Set down exactly the lines in the records below that run from the line with "intros H10 j Hj [Hin Hnexit]." to the line with "HM4 St sig DMA_R DMA_W tr 0 ->", inclusive, and nothing more.

Dataset entries:
:::::

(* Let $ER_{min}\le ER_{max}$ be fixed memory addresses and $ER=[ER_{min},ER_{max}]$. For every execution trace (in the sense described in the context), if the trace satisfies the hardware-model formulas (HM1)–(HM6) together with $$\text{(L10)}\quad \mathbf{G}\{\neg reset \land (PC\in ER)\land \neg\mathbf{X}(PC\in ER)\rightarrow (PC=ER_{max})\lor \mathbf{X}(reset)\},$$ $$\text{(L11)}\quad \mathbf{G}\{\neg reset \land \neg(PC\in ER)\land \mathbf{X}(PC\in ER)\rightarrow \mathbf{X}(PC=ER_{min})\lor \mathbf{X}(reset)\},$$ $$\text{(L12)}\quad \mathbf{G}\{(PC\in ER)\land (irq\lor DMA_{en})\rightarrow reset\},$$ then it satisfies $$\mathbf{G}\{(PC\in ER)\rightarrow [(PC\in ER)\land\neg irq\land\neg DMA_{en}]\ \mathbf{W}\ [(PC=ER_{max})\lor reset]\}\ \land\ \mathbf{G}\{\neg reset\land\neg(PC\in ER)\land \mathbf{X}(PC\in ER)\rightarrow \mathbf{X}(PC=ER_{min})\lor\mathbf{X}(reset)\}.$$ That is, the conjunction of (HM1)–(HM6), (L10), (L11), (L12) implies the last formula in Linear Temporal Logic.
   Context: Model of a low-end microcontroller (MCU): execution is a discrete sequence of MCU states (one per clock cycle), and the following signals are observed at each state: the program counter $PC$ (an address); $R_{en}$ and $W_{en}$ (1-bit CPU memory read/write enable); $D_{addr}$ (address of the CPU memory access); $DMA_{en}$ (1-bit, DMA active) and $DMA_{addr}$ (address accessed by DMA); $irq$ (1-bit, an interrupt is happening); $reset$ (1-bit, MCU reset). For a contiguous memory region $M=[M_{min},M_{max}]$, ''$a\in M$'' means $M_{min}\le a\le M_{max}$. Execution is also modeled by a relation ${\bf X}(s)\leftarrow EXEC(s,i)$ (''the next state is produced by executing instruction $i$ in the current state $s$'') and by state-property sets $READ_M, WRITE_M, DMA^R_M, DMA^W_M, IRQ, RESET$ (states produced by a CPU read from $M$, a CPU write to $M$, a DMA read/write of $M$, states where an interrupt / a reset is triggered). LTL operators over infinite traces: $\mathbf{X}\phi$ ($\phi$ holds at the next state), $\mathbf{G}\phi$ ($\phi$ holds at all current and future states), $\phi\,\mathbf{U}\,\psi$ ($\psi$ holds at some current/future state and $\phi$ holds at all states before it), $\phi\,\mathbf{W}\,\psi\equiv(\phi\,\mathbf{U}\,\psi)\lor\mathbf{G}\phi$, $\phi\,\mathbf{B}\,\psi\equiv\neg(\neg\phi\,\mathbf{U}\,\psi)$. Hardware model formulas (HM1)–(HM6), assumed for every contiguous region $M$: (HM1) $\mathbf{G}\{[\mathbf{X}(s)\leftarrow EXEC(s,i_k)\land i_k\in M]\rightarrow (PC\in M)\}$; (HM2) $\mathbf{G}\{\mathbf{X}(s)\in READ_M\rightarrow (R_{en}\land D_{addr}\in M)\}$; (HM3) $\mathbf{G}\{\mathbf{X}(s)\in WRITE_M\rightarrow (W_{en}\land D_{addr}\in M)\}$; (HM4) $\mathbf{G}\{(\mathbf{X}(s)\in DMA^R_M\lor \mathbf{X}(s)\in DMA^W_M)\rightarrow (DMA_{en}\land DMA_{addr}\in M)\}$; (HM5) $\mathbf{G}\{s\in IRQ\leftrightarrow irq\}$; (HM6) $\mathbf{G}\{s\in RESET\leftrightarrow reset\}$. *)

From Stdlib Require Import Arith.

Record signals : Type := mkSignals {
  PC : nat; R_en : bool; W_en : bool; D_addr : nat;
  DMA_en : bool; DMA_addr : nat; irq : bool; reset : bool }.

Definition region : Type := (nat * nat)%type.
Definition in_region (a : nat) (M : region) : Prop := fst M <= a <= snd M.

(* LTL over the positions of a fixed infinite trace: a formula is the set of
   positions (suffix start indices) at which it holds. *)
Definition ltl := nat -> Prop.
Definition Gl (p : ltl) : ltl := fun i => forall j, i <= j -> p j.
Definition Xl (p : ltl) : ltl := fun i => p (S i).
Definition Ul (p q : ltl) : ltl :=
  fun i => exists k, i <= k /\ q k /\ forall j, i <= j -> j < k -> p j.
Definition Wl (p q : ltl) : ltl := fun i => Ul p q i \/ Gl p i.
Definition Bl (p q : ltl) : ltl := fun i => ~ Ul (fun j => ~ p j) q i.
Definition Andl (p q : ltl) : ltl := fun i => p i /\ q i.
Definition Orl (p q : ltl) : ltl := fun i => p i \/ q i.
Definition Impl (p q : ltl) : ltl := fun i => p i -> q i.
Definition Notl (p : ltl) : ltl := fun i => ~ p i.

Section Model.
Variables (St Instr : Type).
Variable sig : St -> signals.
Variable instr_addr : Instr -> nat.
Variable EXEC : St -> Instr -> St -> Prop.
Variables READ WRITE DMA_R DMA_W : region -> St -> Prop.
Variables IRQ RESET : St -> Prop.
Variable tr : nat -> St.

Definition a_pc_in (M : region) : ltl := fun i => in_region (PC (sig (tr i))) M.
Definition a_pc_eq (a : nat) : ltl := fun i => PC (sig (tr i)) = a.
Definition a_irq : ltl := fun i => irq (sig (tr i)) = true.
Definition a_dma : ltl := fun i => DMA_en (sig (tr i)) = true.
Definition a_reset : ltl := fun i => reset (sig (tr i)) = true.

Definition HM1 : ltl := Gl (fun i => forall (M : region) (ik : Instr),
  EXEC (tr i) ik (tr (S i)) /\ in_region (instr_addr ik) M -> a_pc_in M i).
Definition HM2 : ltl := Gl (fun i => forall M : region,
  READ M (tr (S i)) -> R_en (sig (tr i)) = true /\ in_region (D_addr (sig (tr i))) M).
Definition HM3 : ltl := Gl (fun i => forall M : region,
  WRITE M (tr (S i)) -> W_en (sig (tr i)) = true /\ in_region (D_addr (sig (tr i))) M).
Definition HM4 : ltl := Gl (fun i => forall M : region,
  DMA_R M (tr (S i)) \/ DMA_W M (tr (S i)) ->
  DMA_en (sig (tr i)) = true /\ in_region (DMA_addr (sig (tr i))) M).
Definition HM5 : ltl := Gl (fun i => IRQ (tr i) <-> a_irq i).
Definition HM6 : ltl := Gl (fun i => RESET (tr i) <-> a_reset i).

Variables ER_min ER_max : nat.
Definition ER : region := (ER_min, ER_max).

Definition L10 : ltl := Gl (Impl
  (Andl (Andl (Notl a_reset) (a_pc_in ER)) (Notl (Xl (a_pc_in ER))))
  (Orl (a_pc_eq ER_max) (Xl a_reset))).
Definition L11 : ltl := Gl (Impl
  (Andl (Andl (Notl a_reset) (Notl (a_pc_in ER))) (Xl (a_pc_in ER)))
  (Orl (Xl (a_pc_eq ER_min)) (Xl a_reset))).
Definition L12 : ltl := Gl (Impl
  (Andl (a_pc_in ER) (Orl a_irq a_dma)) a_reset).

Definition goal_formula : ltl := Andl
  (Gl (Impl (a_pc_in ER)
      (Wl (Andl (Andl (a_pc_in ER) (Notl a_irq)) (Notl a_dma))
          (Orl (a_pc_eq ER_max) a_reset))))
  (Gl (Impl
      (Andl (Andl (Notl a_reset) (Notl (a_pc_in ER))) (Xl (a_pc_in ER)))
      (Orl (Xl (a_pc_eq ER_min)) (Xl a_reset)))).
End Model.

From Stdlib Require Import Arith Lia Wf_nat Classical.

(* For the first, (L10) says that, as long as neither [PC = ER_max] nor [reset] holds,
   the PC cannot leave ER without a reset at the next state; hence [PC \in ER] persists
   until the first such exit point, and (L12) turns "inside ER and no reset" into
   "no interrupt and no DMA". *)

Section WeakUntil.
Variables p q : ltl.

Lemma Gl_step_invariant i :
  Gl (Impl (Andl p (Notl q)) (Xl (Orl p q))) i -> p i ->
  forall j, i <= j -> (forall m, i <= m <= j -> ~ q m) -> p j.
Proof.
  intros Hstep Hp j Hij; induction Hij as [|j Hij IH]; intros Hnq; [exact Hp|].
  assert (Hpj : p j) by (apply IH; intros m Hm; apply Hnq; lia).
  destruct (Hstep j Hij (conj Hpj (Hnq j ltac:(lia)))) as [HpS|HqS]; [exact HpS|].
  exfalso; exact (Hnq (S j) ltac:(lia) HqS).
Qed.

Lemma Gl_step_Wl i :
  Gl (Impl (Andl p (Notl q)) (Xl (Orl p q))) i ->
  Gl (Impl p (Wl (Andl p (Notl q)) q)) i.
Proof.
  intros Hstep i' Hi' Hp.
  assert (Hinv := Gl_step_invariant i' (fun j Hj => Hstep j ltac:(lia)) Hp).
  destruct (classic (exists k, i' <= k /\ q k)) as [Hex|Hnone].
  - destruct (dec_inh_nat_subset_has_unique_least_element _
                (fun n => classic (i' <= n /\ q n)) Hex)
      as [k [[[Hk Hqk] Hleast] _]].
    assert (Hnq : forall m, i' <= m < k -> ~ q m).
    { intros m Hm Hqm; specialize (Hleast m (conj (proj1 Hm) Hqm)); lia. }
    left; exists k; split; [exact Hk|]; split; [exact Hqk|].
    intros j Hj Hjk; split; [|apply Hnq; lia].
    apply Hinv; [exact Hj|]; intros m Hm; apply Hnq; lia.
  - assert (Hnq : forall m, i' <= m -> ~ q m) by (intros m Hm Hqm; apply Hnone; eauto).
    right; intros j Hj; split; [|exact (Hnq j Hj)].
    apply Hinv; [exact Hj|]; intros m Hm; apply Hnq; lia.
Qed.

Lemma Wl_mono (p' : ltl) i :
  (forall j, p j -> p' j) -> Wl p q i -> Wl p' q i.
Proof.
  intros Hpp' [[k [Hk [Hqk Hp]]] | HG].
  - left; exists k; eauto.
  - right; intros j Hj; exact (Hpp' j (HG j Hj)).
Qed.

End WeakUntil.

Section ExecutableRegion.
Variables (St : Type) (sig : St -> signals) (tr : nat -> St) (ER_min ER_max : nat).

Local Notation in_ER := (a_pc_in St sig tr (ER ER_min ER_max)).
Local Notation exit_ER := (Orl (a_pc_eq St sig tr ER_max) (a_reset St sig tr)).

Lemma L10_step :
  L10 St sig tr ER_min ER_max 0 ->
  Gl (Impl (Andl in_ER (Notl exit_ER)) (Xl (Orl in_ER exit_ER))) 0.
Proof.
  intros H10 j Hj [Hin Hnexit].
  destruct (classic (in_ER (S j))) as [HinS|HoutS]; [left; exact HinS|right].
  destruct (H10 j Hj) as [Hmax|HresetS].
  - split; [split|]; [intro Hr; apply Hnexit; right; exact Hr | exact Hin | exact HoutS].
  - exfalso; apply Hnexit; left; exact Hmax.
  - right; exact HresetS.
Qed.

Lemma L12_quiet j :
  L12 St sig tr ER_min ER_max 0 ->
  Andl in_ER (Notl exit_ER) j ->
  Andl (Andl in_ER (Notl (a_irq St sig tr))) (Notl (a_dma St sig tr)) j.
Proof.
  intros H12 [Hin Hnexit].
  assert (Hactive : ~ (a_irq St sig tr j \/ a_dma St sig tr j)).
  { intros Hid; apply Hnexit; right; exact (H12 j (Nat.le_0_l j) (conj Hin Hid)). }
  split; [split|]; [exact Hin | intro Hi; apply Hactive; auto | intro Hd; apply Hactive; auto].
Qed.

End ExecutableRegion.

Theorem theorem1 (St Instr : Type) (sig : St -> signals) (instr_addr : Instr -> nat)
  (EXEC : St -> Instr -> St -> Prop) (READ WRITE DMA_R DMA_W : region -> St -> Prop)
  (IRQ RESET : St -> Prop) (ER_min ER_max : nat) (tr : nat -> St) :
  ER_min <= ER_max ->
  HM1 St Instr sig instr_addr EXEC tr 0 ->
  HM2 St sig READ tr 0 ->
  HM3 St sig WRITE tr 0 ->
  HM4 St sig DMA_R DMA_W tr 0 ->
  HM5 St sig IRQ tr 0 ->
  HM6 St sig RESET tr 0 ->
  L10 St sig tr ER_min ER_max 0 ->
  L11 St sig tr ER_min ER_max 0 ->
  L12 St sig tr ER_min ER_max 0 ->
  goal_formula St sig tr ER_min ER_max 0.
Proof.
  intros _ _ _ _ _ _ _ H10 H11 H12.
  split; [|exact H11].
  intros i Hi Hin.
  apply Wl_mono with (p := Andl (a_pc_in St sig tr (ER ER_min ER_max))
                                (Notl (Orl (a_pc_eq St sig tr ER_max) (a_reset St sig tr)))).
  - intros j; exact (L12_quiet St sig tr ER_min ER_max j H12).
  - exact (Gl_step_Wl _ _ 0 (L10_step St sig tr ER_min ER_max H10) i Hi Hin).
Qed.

:::::

_WRITTEN SOLUTION_
  intros H10 j Hj [Hin Hnexit].
  destruct (classic (in_ER (S j))) as [HinS|HoutS]; [left; exact HinS|right].
  destruct (H10 j Hj) as [Hmax|HresetS].
  - split; [split|]; [intro Hr; apply Hnexit; right; exact Hr | exact Hin | exact HoutS].
  - exfalso; apply Hnexit; left; exact Hmax.
  - right; exact HresetS.
Qed.

Lemma L12_quiet j :
  L12 St sig tr ER_min ER_max 0 ->
  Andl in_ER (Notl exit_ER) j ->
  Andl (Andl in_ER (Notl (a_irq St sig tr))) (Notl (a_dma St sig tr)) j.
Proof.
  intros H12 [Hin Hnexit].
  assert (Hactive : ~ (a_irq St sig tr j \/ a_dma St sig tr j)).
  { intros Hid; apply Hnexit; right; exact (H12 j (Nat.le_0_l j) (conj Hin Hid)). }
  split; [split|]; [exact Hin | intro Hi; apply Hactive; auto | intro Hd; apply Hactive; auto].
Qed.

End ExecutableRegion.

Theorem theorem1 (St Instr : Type) (sig : St -> signals) (instr_addr : Instr -> nat)
  (EXEC : St -> Instr -> St -> Prop) (READ WRITE DMA_R DMA_W : region -> St -> Prop)
  (IRQ RESET : St -> Prop) (ER_min ER_max : nat) (tr : nat -> St) :
  ER_min <= ER_max ->
  HM1 St Instr sig instr_addr EXEC tr 0 ->
  HM2 St sig READ tr 0 ->
  HM3 St sig WRITE tr 0 ->
  HM4 St sig DMA_R DMA_W tr 0 ->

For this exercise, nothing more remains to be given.